Sookie eyed the crowded room. “Where do we unpack?” she asked.
Froggie jumped up, leaving her sleeping mat in the middle of the kitchen space. “Here,” she said, hopping over a girl behind her. “Next to Ari.” She prodded Ari to scoot over. “You're going to have to get your own futon and blankets. You have cash?” She rattled on without waiting for an answer. “If not, ask Yoon. She'll add it to what you already owe her.” She watched Sookie dump her bag onto Ari's futon and shook her head. “And you'll need new clothes,” she sighed.
Sookie held up a floral halter top and orange short shorts. “What's wrong with my clothes?” she glowered.
Ari sat up and snorted. “Country bumpkins.”
Froggie giggled, patting Sookie on the arm before she could retort. “Ari!” she scolded. “We were all like that when we first got here.” To Sookie and me, she explained, “You don't want to look like cheap country girls from Waimanalo. We're
hostesses.

Trying to sound disinterested, I forced a yawn, then asked: “Waimanalo? Where's that?”
Ari got to her feet and stretched, arms overhead, her back an arc of muscle and grace. “Nowhere.”
“It's nowhere you want to be,” Froggie added, tapping her chin. “I don't even think it's on this island, is it?”
Ari snorted. “Who cares. Low-class dirt farms. That's what I ran away from in Korea.”
Sookie, Myu Myu, and I dozed, resting during the next couple of hours, as the other girls got up to have a cup of tea and get ready for work. They seemed to have a schedule already in place; there weren't many arguments over the bathroom. One girl, who I later found out was Lulu, ran into the apartment after her turn had passed. She hurried to the bathroom and pounded on the locked door. “Let me in,” she begged. Then, turning to the other girls in the room, asked, “Who's in there? Chinke, Chinke, let me come in, too!” After a muffled answer, Lulu cupped her hand to the door and shouted, “Shit! Yoon was here? Thanks for covering for me about Stevenson. I owe you, I owe you! When Stevenson marries me, I'll pay you back for everything!”

If
Stevenson marries her,” said a girl, someone I hadn't met yet, sponging herself from the sink. “As if that will ever happen.”

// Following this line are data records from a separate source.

Lemma code_map_conjg y : F1 y ->
  code_map (code f q1 q2) (conjg G (f y) q1) = conjg G (f (alpha y)) q2.
Proof.
  intro Fy. unfold code_map.
  assert (Hpair : In (conjg G (f y) q1, conjg G (f (alpha y)) q2) (fst (code f q1 q2)))
    by (apply in_map_iff; exists y; split; [reflexivity | apply HlF1, Fy]).
  pose proof (epsilon_spec (inhabits (conjg G (f y) q1))
    (fun z => In (conjg G (f y) q1, z) (fst (code f q1 q2)))
    (ex_intro _ (conjg G (f (alpha y)) q2) Hpair)) as Hz.
  simpl in Hz. apply in_map_iff in Hz. destruct Hz as [y' [E Hy']]. injection E as E1 E2.
  apply HlF1 in Hy'. apply conjg_inj, finj in E1; try apply F1_in_dom; auto.
  subst y'. symmetry. exact E2.
Qed.

Lemma conjg_f_hom q : is_hom H G (fun y => conjg G (f y) q).
Proof. apply (hom_comp H G G f (fun z => conjg G z q)); [exact hf | apply conjg_hom]. Qed.

Lemma code_dom_finite : finite_subgroup G (code_dom (code f q1 q2)).
Proof.
  apply (finite_subgroup_eqv _ _ _ (fun x => iff_sym (code_dom_iff x))).
  apply finite_subgroup_image; [apply conjg_f_hom | split; [exact sgF1 | exists lF1; apply HlF1]].
Qed.

Lemma code_cod_finite : finite_subgroup G (code_cod (code f q1 q2)).
Proof.
  apply (finite_subgroup_eqv _ _ _ (fun x => iff_sym (code_cod_iff x))).
  apply finite_subgroup_image; [apply conjg_f_hom | split; [exact sgF2 | exists lF2; apply HlF2]].
Qed.

Lemma code_sub_iso :
  sub_iso G (code_dom (code f q1 q2)) (code_cod (code f q1 q2)) (code_map (code f q1 q2)).
Proof.
  destruct halpha as [a_in [a_mul [a_inj a_onto]]].
  split; [|split; [|split]].
  - intros x Hx. apply code_dom_iff in Hx. destruct Hx as [y [Fy ->]].
    rewrite code_map_conjg by exact Fy. apply code_cod_iff. exists (alpha y). auto.
  - intros x1 x2 Hx1 Hx2. apply code_dom_iff in Hx1, Hx2.
    destruct Hx1 as [y1 [Fy1 ->]], Hx2 as [y2 [Fy2 ->]].
    rewrite <- (conjg_f_hom q1), !code_map_conjg, a_mul, (conjg_f_hom q2)
      by (apply subgroup_mul || idtac; auto).
    reflexivity.
  - intros x1 x2 Hx1 Hx2 E. apply code_dom_iff in Hx1, Hx2.
    destruct Hx1 as [y1 [Fy1 ->]], Hx2 as [y2 [Fy2 ->]].
    rewrite !code_map_conjg in E by assumption.
    apply conjg_inj, finj in E; try apply F2_in_dom, a_in; auto.
    apply a_inj in E; auto. subst. reflexivity.
  - intros z Hz. apply code_cod_iff in Hz. destruct Hz as [w [Fw ->]].
    destruct (a_onto w Fw) as [y [Fy <-]].
    exists (conjg G (f y) q1).
    split; [apply code_dom_iff; exists y; auto | apply code_map_conjg, Fy].
Qed.

Lemma code_dom_reflect h : In h L -> code_dom (code f q1 q2) (conjg G (f h) q1) -> F1 h.
Proof.
  intros Hh Hd. apply code_dom_iff in Hd. destruct Hd as [y [Fy E]].
  apply conjg_inj, finj in E;
    [subst; exact Fy | apply in_or_app; left; exact Hh | apply F1_in_dom, Fy].
Qed.

Lemma code_cod_reflect h : In h L -> code_cod (code f q1 q2) (conjg G (f h) q2) -> F2 h.
Proof.
  intros Hh Hd. apply code_cod_iff in Hd. destruct Hd as [y [Fy E]].
  apply conjg_inj, finj in E;
    [subst; exact Fy | apply in_or_app; left; exact Hh | apply F2_in_dom, Fy].
Qed.

End Realization.

Section StableCode.
Variable SG : list G.
Hypothesis genG : generates G SG.
Variable delta : nat.
Hypothesis four_point : forall (x y z w : G) (dxy dzw dxz dyw dxw dyz : nat),
  word_dist G SG x y dxy -> word_dist G SG z w dzw ->
  word_dist G SG x z dxz -> word_dist G SG y w dyw ->
  word_dist G SG x w dxw -> word_dist G SG y z dyz ->
  dxy + dzw <= Nat.max (dxz + dyw) (dxw + dyz) + 2 * delta.
Hypothesis residual : fully_residually G H.

Lemma conj_image_in_ball f (F : H -> Prop) (lF : list H) : is_hom H G f -> is_subgroup H F ->
  (forall x, In x lF <-> F x) ->
  exists q, forall y, F y -> In (conjg G (f y) q) (ball G SG (4 * delta + 1)).
Proof.
  intros hf sgF HlF.
  destruct (finite_subgroup_conj_ball G SG genG delta four_point (image H G f F)) as [q Hq].
  { apply finite_subgroup_image; [exact hf | split; [exact sgF | exists lF; apply HlF]]. }
  exists q. intros y Fy. apply in_ball, Hq. exists y. auto.
Qed.

(** Codes of conjugated finite subgroups range over a finite set, so one of them is realized
    by homomorphisms injective on arbitrarily large finite sets. *)
Lemma stable_code : exists c, forall L, realizes L c.
Proof.
  set (B := ball G SG (4 * delta + 1)).
  apply (pigeonhole_directed
    (list_prod (tuples (list_prod B B) (length lF1)) (tuples B (length lF2)))).
  { intros L L' c. apply realizes_incl. }
  intro L. destruct (residual (L ++ lF1 ++ lF2)) as [f [hf finj]].
  destruct (conj_image_in_ball f F1 lF1 hf sgF1 HlF1) as [q1 Hq1].
  destruct (conj_image_in_ball f F2 lF2 hf sgF2 HlF2) as [q2 Hq2].
  exists (code f q1 q2). split; [|exists f, q1, q2; auto].
  apply in_prod; [rewrite <- (length_map (fun y => (conjg G (f y) q1, conjg G (f (alpha y)) q2)))
                 | rewrite <- (length_map (fun y => conjg G (f y) q2))];
  apply in_tuples; intros p Hp; apply in_map_iff in Hp; destruct Hp as [y [<- Hy]].
  - apply HlF1 in Hy. apply in_prod; [apply Hq1, Hy | apply Hq2, halpha, Hy].
  - apply Hq2, HlF2, Hy.
Qed.

End StableCode.

Lemma realized_code_sub_iso L c : realizes L c ->
  finite_subgroup G (code_dom c) /\ finite_subgroup G (code_cod c) /\
  sub_iso G (code_dom c) (code_cod c) (code_map c).
Proof.
  intros [f [q1 [q2 [hf [finj <-]]]]].
  split; [|split];
    [apply code_dom_finite | apply code_cod_finite | apply (code_sub_iso L)]; assumption.
Qed.
(* Bounded UC property of the ordered pair (A,B); d stands for dist(A,B). *)
Definition BUC {X : Type} (rho : X -> X -> R) (A B : X -> Prop) (d : R) : Prop :=
  forall (x z y : nat -> X),
    (forall n, A (x n)) -> (forall n, A (z n)) -> (forall n, B (y n)) ->
    bounded_seq rho x -> bounded_seq rho z ->
    Un_cv (fun n => rho (x n) (y n)) d ->
    Un_cv (fun n => rho (z n) (y n)) d ->
    Un_cv (fun n => rho (x n) (z n)) 0.

From Stdlib Require Import Reals Lra Lia ClassicalEpsilon.
Open Scope R_scope.

(* Work on pairs: (x, y) |-> (F x y, F y x) and its G-analogue.  For the sum
   metric D on X x X, adding the contraction inequality at (x,y,u,v) and at
   (y,x,v,u) shows that the excess D - 2 dist(A,B) shrinks by alpha + beta
   from (p, q) to (F p, G q).  Starting from (x0, x0), the alternating orbit
   b_n = F a_n, a_(n+1) = G b_n then satisfies, coordinatewise,
   rho(a_m, b_n) <= dist(A,B) + M K^n for all m >= n, K = (alpha+beta)^2.
   The BUC property of (A,B) turns this into the Cauchy property of both
   coordinate sequences of a_n; by completeness and closedness they converge
   to (x, y) in A x A, and passing to the limit in the contraction shows that
   (x, y) is a coupled best proximity point of F.  Finally the contraction at
   (x, y, F x y, F y x) makes (F x y, F y x) one for G.  Only the BUC
   property of (A,B) and the closedness of A are needed. *)

Lemma Un_cv_plus0 (u v : nat -> R) :
  Un_cv u 0 -> Un_cv v 0 -> Un_cv (fun n => u n + v n) 0.
Proof.
  intros Hu Hv. rewrite <- (Rplus_0_r 0). exact (CV_plus u v 0 0 Hu Hv).
Qed.

Lemma Un_cv_scal0 (c : R) (u : nat -> R) :
  Un_cv u 0 -> Un_cv (fun n => c * u n) 0.
Proof.
  intros Hu eps Heps.
  assert (Hc : 0 < Rabs c + 1) by (pose proof (Rabs_pos c); lra).
  destruct (Hu (eps / (Rabs c + 1))) as [N HN].
  { apply Rlt_gt, Rdiv_lt_0_compat; lra. }
  exists N; intros n Hn. specialize (HN n Hn). unfold Rdist in *.
  rewrite Rminus_0_r in *. rewrite Rabs_mult.
  apply Rle_lt_trans with ((Rabs c + 1) * Rabs (u n)).
  - pose proof (Rabs_pos (u n)). nra.
  - apply Rmult_lt_reg_l with (/ (Rabs c + 1)).
    + apply Rinv_0_lt_compat; lra.
    + rewrite <- Rmult_assoc, Rinv_l by lra. unfold Rdiv in HN. lra.
Qed.

Lemma geometric_null (K M : R) : 0 <= K < 1 -> Un_cv (fun n => M * K ^ n) 0.
Proof.
  intros HK. apply Un_cv_scal0. intros eps Heps.
  destruct (pow_lt_1_zero K ltac:(rewrite Rabs_right; lra) eps Heps) as [N HN].
  exists N; intros n Hn. unfold Rdist. rewrite Rminus_0_r. now apply HN.
Qed.
Lemma mul_eta_pow6_discr_opp_iff :
  (forall v, in_dual (gram q) v -> inN (mul_eta_pow 6 v + v)) <->
  (q \in [:: 1; -1; 2; -2]).
Proof.
rewrite -dvdz2_mem; split=> [eta6_opp | q_dvd2 v /in_dual_gramP[a [c ->]]].
  have /eta6_opp : in_dual (gram q) (1%:~R *: dual_u q + 0%:~R *: dual_w q).
    by apply/in_dual_gramP; exists 1, 0.
  rewrite mul_eta_pow6_add_dual_comb inN_scale_inv // !(mulr1, mulr0, subr0).
  by case=> q8 q14; have -> : 2%Z = gcdz 8 14 by []; rewrite dvdz_gcd q8 q14.
rewrite mul_eta_pow6_add_dual_comb inN_scale_inv //.
have -> : 8 * a - 2 * c = 2 * (4 * a - c) by ring.
have -> : 14 * a - 4 * c = 2 * (7 * a - 2 * c) by ring.
by split; apply: dvdz_mulr.
Qed.

End DualLattice.

Theorem proposition3p3 :
  (* (1) *)
  (forall G : 'M[int]_2,
      even_hyperbolic G -> is_isometry G (mul_eta_pow 2) ->
      exists q : int, q != 0 /\ G = gram q) /\
  (forall q : int, q != 0 ->
      even_hyperbolic (gram q) /\ is_isometry (gram q) (mul_eta_pow 2)) /\
  (* (2) *)
  (forall q : int, q != 0 ->
     let u : 'cV[rat]_2 := (q%:~R)^-1 *: e2 rat in
     let w : 'cV[rat]_2 := ((5 * q)%:~R)^-1 *: (e1 rat - 2%:R *: e2 rat) in
     [/\ in_dual (gram q) u, in_dual (gram q) w,
         (forall v, in_dual (gram q) v ->
            exists a c : int, inN (v - (a%:~R *: u + c%:~R *: w))) &
         (forall a c : int,
            inN (a%:~R *: u + c%:~R *: w) <-> ((q %| a)%Z /\ (5 * q %| c)%Z))]) /\
  (* (3) *)
  (forall q : int, q != 0 ->
     (forall x : 'cV[int]_2, x != 0 -> bform (gram q) x x != 0) /\
     ((~ exists x : 'cV[int]_2, bform (gram q) x x = 2 \/ bform (gram q) x x = -2)
        <-> (q != 1 /\ q != -1))) /\
  (* (4) *)
  (forall q : int, q != 0 ->
     ((forall v, in_dual (gram q) v -> inN (mul_eta_pow 6 v + v))
        <-> (q \in [:: 1; -1; 2; -2]))).
Proof.
split; first exact: even_hyperbolic_eta2_isometry_gram.
split; first exact: gram_even_hyperbolic_eta2_isometry.
split; first exact: discriminant_group_gram.
split; first by move=> q q_neq0; split=> [x|]; [exact: gram_anisotropic | exact: gram_no_roots_iff].
exact: mul_eta_pow6_discr_opp_iff.
Qed.
(* Let $R$ be a ring. The following are equivalent: (1) $R$ is semisimple Artinian; (2) for every right $R$-module $E$ and any two submodules $A,B\subseteq E$ that are injective, the submodule $A\cap B$ is injective; (3) for every right $R$-module $E$ and any two submodules $A,B\subseteq E$ that are $\aleph_0$-injective, the submodule $A\cap B$ is $\aleph_0$-injective.
   Context: Rings are associative with identity; modules are unitary right modules. A right $R$-module $M$ is $\aleph_0$-injective if for every countably generated right ideal $I$ of $R$ and every $R$-homomorphism $f:I\to M$ there is an $R$-homomorphism $\bar f:R\to M$ with $\bar f|_I=f$. *)

(* Right R-modules are modelled as left modules over the
   converse ring R^c (MathComp's lmodType over R^c); the right action
   v . r is written  v *r r  :=  (r : R^c) *: v. *)
From HB Require Import structures.
From mathcomp Require Import all_boot all_order all_algebra.
Set Implicit Arguments. Unset Strict Implicit. Unset Printing Implicit Defensive.
Import GRing.Theory.
Local Open Scope ring_scope.

Definition ract (R : pzRingType) (E : lmodType R^c) (v : E) (r : R) : E :=
  (r : R^c) *: v.
Notation "v *r r" := (ract v r) (at level 40, left associativity).

Section Defs.
Variable R : pzRingType.

Definition is_hom (X Y : lmodType R^c) (f : X -> Y) : Prop :=
  (forall x y, f (x + y) = f x + f y) /\ (forall x (r : R), f (x *r r) = f x *r r).

Definition is_submodule (E : lmodType R^c) (A : E -> Prop) : Prop :=
  [/\ A 0, (forall x y, A x -> A y -> A (x + y)) & (forall x (r : R), A x -> A (x *r r))].

Definition right_ideal (I : R -> Prop) : Prop :=
  [/\ I 0, (forall x y, I x -> I y -> I (x + y)) & (forall x r, I x -> I (x * r))].

Definition countably_generated (I : R -> Prop) : Prop :=
  exists g : nat -> R, forall x,
    I x <-> exists (n : nat) (rs : nat -> R), x = \sum_(i < n) g i * rs i.

(** Homomorphisms into A are
    represented as homomorphisms into E with image contained in A. *)
Definition injective_sub (E : lmodType R^c) (A : E -> Prop) : Prop :=
  forall (X Y : lmodType R^c) (i : X -> Y) (f : X -> E),
    is_hom i -> injective i -> is_hom f -> (forall x, A (f x)) ->
    exists g : Y -> E, [/\ is_hom g, (forall y, A (g y)) & (forall x, g (i x) = f x)].

Definition aleph0_injective_sub (E : lmodType R^c) (A : E -> Prop) : Prop :=
  forall (I : R -> Prop) (f : R -> E),
    right_ideal I -> countably_generated I ->
    (forall x y, I x -> I y -> f (x + y) = f x + f y) ->
    (forall x r, I x -> f (x * r) = f x *r r) ->
    (forall x, I x -> A (f x)) ->
    exists g : R -> E,
      [/\ (forall x y, g (x + y) = g x + g y),
          (forall x r, g (x * r) = g x *r r),
          (forall x, A (g x)) &
          (forall x, I x -> g x = f x)].

Definition right_artinian : Prop :=
  forall I : nat -> R -> Prop,
    (forall n, right_ideal (I n)) ->
    (forall n x, I n.+1 x -> I n x) ->
    exists N, forall m, (N <= m)%N -> forall x, I m x <-> I N x.

Definition every_right_ideal_summand : Prop :=
  forall I, right_ideal I ->
    exists J, [/\ right_ideal J,
                  (forall x, I x -> J x -> x = 0) &
                  (forall x, exists a b, [/\ I a, J b & x = a + b])].

Definition semisimple_artinian : Prop :=
  right_artinian /\ every_right_ideal_summand.

End Defs.

From HB Require Import structures.
From mathcomp Require Import all_boot all_order all_algebra.
From mathcomp Require Import boolp classical_sets.
Set Implicit Arguments. Unset Strict Implicit. Unset Printing Implicit Defensive.
Import Order.TTheory GRing.Theory Num.Theory.
Local Open Scope ring_scope.
Local Open Scope classical_set_scope.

“You're just jealous,” Minnie said, “because Lulu found someone serious.” She fluttered her eyes at the sink girl, waiting for her false lashes to dry.
Sookie and I sat next to Minnie, cross-legged on her sleeping mat, watching her put on her makeup. “Remember when Duk Hee put lipstick on us?” I asked. “She said that makeup would hide our true faces from American eyes.”
Sookie stared at me, frowning. “No,” she said. She poked a long finger into Minnie's cosmetics bag. “Can I use this?” she asked, pointing to a frosty blue shadow.
Minnie nodded, but groused, “Next time, get your own.”
After I covered as much of my birthmark as I could, I lay back down, letting Myu Myu crawl over my stomach. When the girls called a taxi and began filing out the door, I got to my feet, lifting the baby to my hip.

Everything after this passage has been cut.